FORESIGHT Smart Policy Series: Incentivising Low Carbon Pathways for Oil & Gas

In 2017, Canada’s energy sector directly employed more than 276,000 people and indirectly supported over 624,000 jobs and accounted for 11% of the country’s nominal GDP.  The Oil & Gas industry makes up a share of this percentage, particularly as the country is the fourth largest producer and exporter of oil and fourth largest producer of natural gas in the world. Adhering to environmental performance and standards in GHG emissions, tailings management, water and energy efficiency and carbon capture is necessary to maintain a longer term sustainable economic outlook for the industry. Cleantech plays a significant role in mitigating these environmental impacts.

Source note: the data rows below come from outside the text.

(* For every integer $k\ge1$, $N(2k+4,k)=2$ if $3\mid k$ and $N(2k+4,k)=0$ if $3\nmid k$.
   Context: For $n>k\ge1$, $N(n,k)$ is the nullity of the $n\times n$ skew-symmetric Toeplitz matrix $A(n,k)$ whose first $k$ superdiagonals have all entries $1$ and whose remaining superdiagonals have all entries $0$. *)

From mathcomp Require Import all_boot all_order all_algebra.
Set Implicit Arguments. Unset Strict Implicit. Unset Printing Implicit Defensive.
Import GRing.Theory Num.Theory.
Local Open Scope ring_scope.

Definition Amat (R : nzRingType) (n k : nat) : 'M[R]_n :=
  \matrix_(i < n, j < n)
    (if (i < j)%N && (j <= i + k)%N then 1
     else if (j < i)%N && (i <= j + k)%N then -1 else 0).

Definition Nnull (R : fieldType) (n k : nat) : nat := (n - \rank (Amat R n k))%N.

(* Write P for the prefix sums of a row vector x of length n = 2k + 4.  Column
   j of x *m A(n, k) is (P j - P (j - k)) - (P (j + k + 1) - P j.+1), so x lies
   in the kernel iff P 0 = 0, P is constant from n on, and
   P j + P j.+1 = P (j - k) + P (j + k + 1) for j < n.  These equations force
   P 1 = P (k + 1) = 0, P (k + 2) = P 2 and P m + P m.+1 + P m.+2 = P n for
   1 <= m <= k, so P is 3-periodic on [1, k + 2].  Matching P (k + 1), P (k + 2)
   with P 1, P 2 kills P unless 3 | k; when 3 | k, P is determined by P 2 and
   P 3, and both can be prescribed, so x |-> (P 2, P 3) maps the kernel
   isomorphically onto R^2. *)

From mathcomp Require Import all_boot all_order all_algebra.
From mathcomp Require Import zify lra.
Set Implicit Arguments. Unset Strict Implicit. Unset Printing Implicit Defensive.
Import GRing.Theory Num.Theory.
Local Open Scope ring_scope.

Section KernelRank.

Variables (F : fieldType) (m n p : nat) (A : 'M[F]_(m, n)).

Lemma mxrank_ker_leq (C : 'M[F]_(m, p)) :
  (forall x : 'rV_m, x *m A = 0 -> x *m C = 0 -> x = 0) -> (\rank (kermx A) <= p)%N.
Proof.
move=> inj; rewrite -(mxrank_mul_ker (kermx A) C).
have -> : \rank (kermx A :&: kermx C)%MS = 0%N.
  apply/eqP; rewrite mxrank_eq0; apply/eqP/row_matrixP => i; rewrite row0.
  by apply: inj; apply/sub_kermxP; rewrite (submx_trans (row_sub i _)) ?capmxSl ?capmxSr.
by rewrite addn0 rank_leq_col.
Qed.

Lemma mxrank_ker_geq (B : 'M[F]_(p, m)) (C : 'M[F]_(m, p)) :
  B *m A = 0 -> B *m C = 1%:M -> (p <= \rank (kermx A))%N.
Proof.
move=> BA0 BC1; rewrite -[p in (p <= _)%N](mxrank1 F p) -BC1.
by rewrite (leq_trans (mxrankM_maxl _ _)) // mxrankS //; apply/sub_kermxP.
Qed.

End KernelRank.

Section PrefixSums.

Variables (V : zmodType) (n : nat).
Implicit Type x : 'rV[V]_n.

Definition prefix_sum x (m : nat) : V := \sum_(i < n | (i < m)%N) x 0 i.

Lemma prefix_sum0 x : prefix_sum x 0 = 0.
Proof. exact: big_pred0. Qed.

Lemma prefix_sum_sat x m : (n <= m)%N -> prefix_sum x m = prefix_sum x n.
Proof.
by move=> le_nm; apply: eq_bigl => i; rewrite ltn_ord (leq_trans (ltn_ord i)).
Qed.

Lemma sum_interval x m p : (m <= p)%N ->
  \sum_(i < n | (m <= i < p)%N) x 0 i = prefix_sum x p - prefix_sum x m.
Proof.
move=> le_mp; rewrite [prefix_sum x p](bigID (fun i : 'I_n => (i < m)%N)) /=.
have -> : \sum_(i < n | (i < p)%N && (i < m)%N) x 0 i = prefix_sum x m.
  by apply: eq_bigl => i; apply/idP/idP; lia.
by rewrite addrC addrK; apply: eq_bigl => i; apply/idP/idP; lia.
Qed.

Lemma prefix_sumS x (i : 'I_n) : prefix_sum x i.+1 = prefix_sum x i + x 0 i.
Proof.
rewrite -[LHS](subrK (prefix_sum x i)) -sum_interval // addrC; congr (_ + _).
by rewrite (big_pred1 i) // => j; rewrite ltnS -eqn_leq eq_sym.
Qed.

Lemma prefix_sum_eq0 x : (forall m, prefix_sum x m = 0) -> x = 0.
Proof.
by move=> x0; apply/rowP => i; have := prefix_sumS x i; rewrite !x0 add0r mxE.
Qed.

Definition diff_row (P : nat -> V) : 'rV[V]_n := \row_(i < n) (P i.+1 - P i).

Lemma prefix_sum_diff_row (P : nat -> V) : P 0%N = 0 ->
  (forall m, (n <= m)%N -> P m = P n) -> forall m, prefix_sum (diff_row P) m = P m.
Proof.
move=> P0 P_sat; elim=> [|m IH]; first by rewrite prefix_sum0.
have [lt_mn|le_nm] := ltnP m n.
  by rewrite (prefix_sumS _ (Ordinal lt_mn)) /= IH mxE addrC subrK.
by rewrite prefix_sum_sat ?(leqW le_nm) // -(prefix_sum_sat _ le_nm) IH !P_sat // leqW.
Qed.

End PrefixSums.

Lemma mulmx_Amat (R : nzRingType) n k (x : 'rV[R]_n) (j : 'I_n) :
  (x *m Amat R n k) 0 j =
  (prefix_sum x j - prefix_sum x (j - k)) - (prefix_sum x (j + k + 1) - prefix_sum x j.+1).
Proof.
rewrite -!sum_interval ?leq_subr //; last lia.
rewrite mxE [in RHS]big_mkcond [X in _ = _ - X]big_mkcond -sumrB.
apply: eq_bigr => i _; rewrite mxE.
rewrite (_ : (j - k <= i < j)%N = ((i < j) && (j <= i + k))%N); last by apply/idP/idP; lia.
rewrite (_ : (j.+1 <= i < j + k + 1)%N = ((j < i) && (i <= j + k))%N); last by apply/idP/idP; lia.
by case: ifP => c1; case: ifP => c2; rewrite ?mulr1 ?mulrN1 ?mulr0 ?subr0 ?sub0r //; lia.
Qed.

Lemma prefix_sum_rec_of_ker (R : nzRingType) n k (x : 'rV[R]_n) :
  x *m Amat R n k = 0 -> forall j, (j < n)%N ->
  prefix_sum x j + prefix_sum x j.+1 =
  prefix_sum x (j - k) + prefix_sum x (j + k + 1).
Proof.
move=> xA0 j lt_jn; have := mulmx_Amat k x (Ordinal lt_jn).
rewrite xA0 mxE /= => /esym/eqP; rewrite subr_eq0 => /eqP E.
by rewrite -[prefix_sum x j](subrK (prefix_sum x (j - k))) E addrAC subrK addrC.
Qed.

Section KernelRecurrence.

(* [P] stands for the prefix sums of a kernel vector; [j - k] truncates to 0,
   where [P] vanishes. *)
Variables (R : realDomainType) (k : nat) (P : nat -> R).
Hypotheses (k_gt0 : (0 < k)%N) (P0 : P 0%N = 0)
  (P_sat : forall m, (2 * k + 4 <= m)%N -> P m = P (2 * k + 4)%N)
  (P_rec : forall j, (j < 2 * k + 4)%N ->
     P j + P j.+1 = P (j - k)%N + P (j + k + 1)%N).

Local Notation T := (P (2 * k + 4)%N).

Lemma rec_at j j' c d : (j < 2 * k + 4)%N ->
  j' = j.+1 -> c = (j - k)%N -> d = (j + k + 1)%N -> P j + P j' = P c + P d.
Proof. by move=> lt_j -> -> ->; exact: P_rec. Qed.

Lemma rec_at_top j j' c : (k + 3 <= j < 2 * k + 4)%N ->
  j' = j.+1 -> c = (j - k)%N -> P j + P j' = P c + T.
Proof.
move=> j_bd -> ->; rewrite -(P_sat (m := (j + k + 1)%N)); last lia.
by apply: P_rec; lia.
Qed.

Lemma rec1_eq0 : P 1%N = 0.
Proof.
have E1 : P 1%N + P 2%N = P 0%N + P (k + 2)%N by apply: rec_at; lia.
have E2 : P (k + 2)%N + P (k + 3)%N = P 2%N + P (2 * k + 3)%N by apply: rec_at; lia.
have E3 : P (2 * k + 3)%N + T = P (k + 3)%N + T by apply: rec_at_top; lia.
rewrite P0 in E1; lra.
Qed.

Lemma rec_shift j j' d : (j <= k + 1)%N -> j' = j.+1 -> d = (j + k + 1)%N ->
  P d = P j + P j'.
Proof.
move=> le_j -> ->; have [le_jk|gt_jk] := leqP j k.
  by rewrite (rec_at (c := 0%N) (d := (j + k + 1)%N)) ?P0 ?add0r //; lia.
by rewrite (rec_at (c := 1%N) (d := (j + k + 1)%N)) ?rec1_eq0 ?add0r //; lia.
Qed.

Lemma rec_saturated m : (2 * k + 3 <= m)%N -> P m = T.
Proof.
case: (ltngtP m (2 * k + 3)) => [lt_m le_m|lt_m _|-> _]; [lia | apply: P_sat; lia |].
have E1 : P (2 * k + 2)%N = P (k + 1)%N + P (k + 2)%N by apply: rec_shift; lia.
have E2 : P (2 * k + 2)%N + P (2 * k + 3)%N = P (k + 2)%N + T by apply: rec_at_top; lia.
have E3 : P (k + 1)%N = P 0%N + P 1%N by apply: rec_shift; lia.
rewrite P0 rec1_eq0 in E3; lra.
Qed.

Lemma rec_sum3 m : (1 <= m <= k)%N -> P m + P m.+1 + P m.+2 = T.
Proof.
move=> m_bd.
have E1 : P (m + k + 1)%N = P m + P m.+1 by apply: rec_shift; lia.
have E2 : P (m + k + 2)%N = P m.+1 + P m.+2 by apply: rec_shift; lia.
have E3 : P (m + k + 1)%N + P (m + k + 2)%N = P m.+1 + P (2 * k + m + 2)%N.
  by apply: rec_at; lia.
rewrite (rec_saturated (m := (2 * k + m + 2)%N)) in E3; [lra | lia].
Qed.

Lemma rec_add3 j j' : (0 < j < k)%N -> j' = (j + 3)%N -> P j' = P j.
Proof.
move=> j_bd ->; rewrite addn3.
have E1 : P j + P j.+1 + P j.+2 = T by apply: rec_sum3; lia.
have E2 : P j.+1 + P j.+2 + P j.+3 = T by apply: rec_sum3; lia.
lra.
Qed.

Lemma rec_mod3 m r : (0 < m <= k + 2)%N -> r = (m.-1 %% 3)%N -> P m = P r.+1.
Proof.
move=> + ->; elim/ltn_ind: m => m IH m_bd; have [le_m3|lt3_m] := leqP m 3.
  by rewrite modn_small prednK //; lia.
rewrite (rec_add3 (j := (m - 3)%N)) ?(IH (m - 3)%N); try lia.
by congr (P _.+1); lia.
Qed.

Lemma rec_eq0 : P 2%N = 0 -> P 3%N = 0 -> forall m, P m = 0.
Proof.
move=> P2 P3.
have T0 : T = 0 by rewrite -(rec_sum3 (m := 1%N)) ?rec1_eq0 ?P2 ?P3 ?addr0 //; lia.
have P_lo m : (0 < m <= k + 2)%N -> P m = 0.
  move=> m_bd; rewrite (rec_mod3 (r := (m.-1 %% 3)%N)) //.
  by case: (m.-1 %% 3)%N (ltn_pmod m.-1 (isT : 0 < 3)%N) => [|[|[|r]]] //; rewrite rec1_eq0.
move=> m; have [le_m|lt_m] := leqP m (k + 2).
  by case: (posnP m) => [->|m_gt0]; [exact: P0 | apply: P_lo; lia].
have [le_m'|lt_m'] := leqP m (2 * k + 2).
  by rewrite (rec_shift (j := (m - k - 1)%N) (j' := (m - k)%N)) ?P_lo ?addr0 //; lia.
by rewrite rec_saturated //; lia.
Qed.

Lemma rec_eq0_ndvd3 : ~~ (3 %| k)%N -> forall m, P m = 0.
Proof.
move=> k_ndvd; suff [P2 P3] : P 2%N = 0 /\ P 3%N = 0 by apply: rec_eq0.
have Pk1 : P (k + 1)%N = P 0%N + P 1%N by apply: rec_shift; lia.
have Pk2 : P (k + 2)%N = P 1%N + P 2%N by apply: rec_shift; lia.
rewrite P0 rec1_eq0 add0r in Pk1; rewrite rec1_eq0 add0r in Pk2.
have [k1|k2] : (k %% 3 = 1 \/ k %% 3 = 2)%N by lia.
- rewrite (rec_mod3 (m := (k + 1)%N) (r := 1%N)) in Pk1; try lia.
  by rewrite (rec_mod3 (m := (k + 2)%N) (r := 2%N)) in Pk2; [rewrite Pk2 Pk1 | lia..].
- rewrite (rec_mod3 (m := (k + 1)%N) (r := 2%N)) in Pk1; try lia.
  by rewrite (rec_mod3 (m := (k + 2)%N) (r := 0%N)) in Pk2; [rewrite -Pk2 rec1_eq0 | lia..].
Qed.

End KernelRecurrence.

Section KernelSequence.

Variables (R : realDomainType) (k : nat) (a b : R).

Definition period3 (m : nat) : R :=
  if (m %% 3 == 1)%N then 0 else if (m %% 3 == 2)%N then a else b.

Lemma period3_eqmod m m' : m = m' %[mod 3] -> period3 m = period3 m'.
Proof. by rewrite /period3 => ->. Qed.

Lemma period3_sum m : period3 m + period3 m.+1 + period3 m.+2 = a + b.
Proof.
rewrite /period3 -[m.+2]addn2 -[m.+1]addn1 -!(modnDml m).
by case: (m %% 3)%N (ltn_pmod m (isT : 0 < 3)%N) => [|[|[|r]]] //= _; lra.
Qed.

(* The solution with P 2 = a and P 3 = b: 3-periodic 0, a, b on [1, k + 1],
   then P (j + k + 1) = P j + P j.+1 rewritten with period3_sum. *)
Definition kernel_seq (m : nat) : R :=
  if m == 0%N then 0
  else if (m <= k + 1)%N then period3 m
  else if (m <= 2 * k + 2)%N then a + b - period3 m.+1
  else a + b.

Lemma kernel_seq0 : kernel_seq 0 = 0.
Proof. by []. Qed.

Lemma kernel_seq_hi m : (2 * k + 3 <= m)%N -> kernel_seq m = a + b.
Proof.
move=> m_bd; rewrite /kernel_seq gtn_eqF; last lia.
by rewrite !ifF //; lia.
Qed.

Hypothesis k_dvd3 : (3 %| k)%N.

Lemma kernel_seq_lo m : (0 < m <= k + 2)%N -> kernel_seq m = period3 m.
Proof.
move=> m_bd; rewrite /kernel_seq gtn_eqF; last lia.
have [//|gt_mk1] := leqP m (k + 1).
rewrite ifT; last lia.
have -> : m = k.+2 by lia.
have := period3_sum k.+1; rewrite (period3_eqmod (m := k.+1) (m' := 1)); last lia.
have : period3 1 = 0 by []; lra.
Qed.

Lemma kernel_seq_mid m : (k + 2 <= m <= 2 * k + 3)%N ->
  kernel_seq m = a + b - period3 m.+1.
Proof.
move=> m_bd; rewrite /kernel_seq gtn_eqF; last lia.
rewrite ifF; last lia.
have [//|gt_m] := leqP m (2 * k + 2).
rewrite (period3_eqmod (m := m.+1) (m' := 1)); last lia.
by rewrite /period3 /= subr0.
Qed.

Lemma kernel_seq_rec j : (j < 2 * k + 4)%N ->
  kernel_seq j + kernel_seq j.+1 = kernel_seq (j - k) + kernel_seq (j + k + 1).
Proof.
move=> lt_j; have p1 : period3 1 = 0 by [].
have [j0|j_gt0] := posnP j.
  rewrite j0 sub0n kernel_seq0 !kernel_seq_lo; try lia.
  by rewrite (period3_eqmod (m := (0 + k + 1)%N) (m' := 1)) ?p1 ?addr0 //; lia.
have [le_jk1|gt_jk1] := leqP j (k + 1).
  have -> : kernel_seq (j - k) = 0.
    case: (posnP (j - k)) => [->|?]; first exact: kernel_seq0.
    by rewrite kernel_seq_lo ?(period3_eqmod (m' := 1)) //; lia.
  rewrite (kernel_seq_lo (m := j)) ?(kernel_seq_lo (m := j.+1)); try lia.
  rewrite kernel_seq_mid ?(period3_eqmod (m := (j + k + 1).+1) (m' := j.+2)); try lia.
  have := period3_sum j; lra.
have [le_j|gt_j] := leqP j (2 * k + 2).
  rewrite (kernel_seq_mid (m := j)) ?(kernel_seq_mid (m := j.+1)); try lia.
  rewrite kernel_seq_lo ?(period3_eqmod (m := (j - k)%N) (m' := j)); try lia.
  rewrite kernel_seq_hi; last lia.
  have := period3_sum j; lra.
have -> : j = (2 * k + 3)%N by lia.
rewrite (kernel_seq_hi (m := (2 * k + 3)%N)) ?(kernel_seq_hi (m := (2 * k + 3).+1)); try lia.
rewrite kernel_seq_mid ?kernel_seq_hi ?(period3_eqmod (m' := 1)); try lia.
lra.
Qed.

End KernelSequence.

Lemma Amat_ker_eq0 (R : realFieldType) k (x : 'rV[R]_(2 * k + 4)) : (0 < k)%N ->
  x *m Amat R (2 * k + 4) k = 0 ->
  ~~ (3 %| k)%N \/ (prefix_sum x 2 = 0 /\ prefix_sum x 3 = 0) -> x = 0.
Proof.
move=> k_gt0 xA0 cases; apply: prefix_sum_eq0.
have rec := prefix_sum_rec_of_ker xA0.
have sat := @prefix_sum_sat _ _ x.
case: cases => [k_ndvd3 | [P2 P3]].
  exact: (rec_eq0_ndvd3 k_gt0 (prefix_sum0 x) sat rec).
exact: (rec_eq0 k_gt0 (prefix_sum0 x) sat rec).
Qed.

Definition prefix23_mx (R : nzRingType) n : 'M[R]_(n, 2) :=
  \matrix_(i, j) (i < j + 2)%N%:R.

Lemma mulmx_prefix23 (R : nzRingType) n (x : 'rV[R]_n) j :
  (x *m prefix23_mx R n) 0 j = prefix_sum x (j + 2).
Proof.
rewrite mxE [RHS]big_mkcond; apply: eq_bigr => i _; rewrite mxE.
by case: ifP; rewrite ?mulr1 ?mulr0.
Qed.

Definition kernel_vec (R : realDomainType) k (u : 'rV[R]_2) : 'rV[R]_(2 * k + 4) :=
  diff_row (2 * k + 4) (kernel_seq k (u 0 0) (u 0 1)).

Lemma prefix_sum_kernel_vec (R : realDomainType) k (u : 'rV[R]_2) m :
  prefix_sum (kernel_vec k u) m = kernel_seq k (u 0 0) (u 0 1) m.
Proof.
apply: prefix_sum_diff_row => [|m' le_m']; first exact: kernel_seq0.
by rewrite !kernel_seq_hi //; lia.
Qed.

Lemma kernel_vec_ker (R : realDomainType) k (u : 'rV[R]_2) : (3 %| k)%N ->
  kernel_vec k u *m Amat R (2 * k + 4) k = 0.
Proof.
move=> k_dvd3; apply/rowP => j; rewrite mulmx_Amat !prefix_sum_kernel_vec mxE.
have := kernel_seq_rec (u 0 0) (u 0 1) k_dvd3 (ltn_ord j); lra.
Qed.

Lemma kernel_vec_prefix23 (R : realDomainType) k (u : 'rV[R]_2) :
  (0 < k)%N -> (3 %| k)%N -> kernel_vec k u *m prefix23_mx R (2 * k + 4) = u.
Proof.
move=> k_gt0 k_dvd3; apply/rowP => j.
rewrite mulmx_prefix23 prefix_sum_kernel_vec kernel_seq_lo //; last by have := ltn_ord j; lia.
by case: j => [[|[|j]] lt_j] //=; rewrite /period3 /=; congr (u _ _); apply: val_inj.
Qed.

Theorem theorem8p4 (R : realFieldType) (k : nat) : (1 <= k)%N ->
  Nnull R (2 * k + 4) k = (if (3 %| k)%N then 2%N else 0%N).
Proof.
move=> k_gt0; rewrite /Nnull -mxrank_ker.
case: ifP => [k_dvd3|k_ndvd3]; apply/eqP; last first.
  rewrite -leqn0 (mxrank_ker_leq (C := 0 : 'M[R]_(_, 0))) // => x xA0 _.
  by apply: (Amat_ker_eq0 k_gt0 xA0); left; rewrite k_ndvd3.
rewrite eqn_leq (mxrank_ker_leq (C := prefix23_mx R _)) => [|x xA0 xC0]; last first.
  apply: (Amat_ker_eq0 k_gt0 xA0); right.
  by split; [move/rowP/(_ 0): xC0 | move/rowP/(_ 1): xC0]; rewrite mulmx_prefix23 mxE.
apply: (mxrank_ker_geq (B := \matrix_(r < 2) kernel_vec k (row r 1%:M)) (C := prefix23_mx R _)).
  by apply/row_matrixP => r; rewrite row_mul rowK kernel_vec_ker ?row0.
by apply/row_matrixP => r; rewrite row_mul rowK kernel_vec_prefix23.
Qed.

Exploration, extraction, processing, refining and transportation of Oil & Gas products takes place throughout Canada. These products range from crude oil, refined petroleum, hydrocarbon gas liquids and natural gas. To give you a quick snapshot of this expansive industry, Alberta is the largest oil and natural gas producer and home to vast deposits of oil sands. In 2017, a total of 2.7 million barrels per day were produced from oil sands, 446,000 barrels of conventional oil produced and 10.4 billion cubic feet per day of marketable natural gas produced. British Columbia is the second largest producer of natural gas with a number of 4.7 billion cubic feet produced per day in 2017. A recently approved Liquefied Natural Gas terminal in Northern BC will export LNG overseas. Saskatchewan is the second largest producer of crude oil. In 2017, Canada exported energy products to 145 countries, with the U.S. accounting for 91% of energy exports by value.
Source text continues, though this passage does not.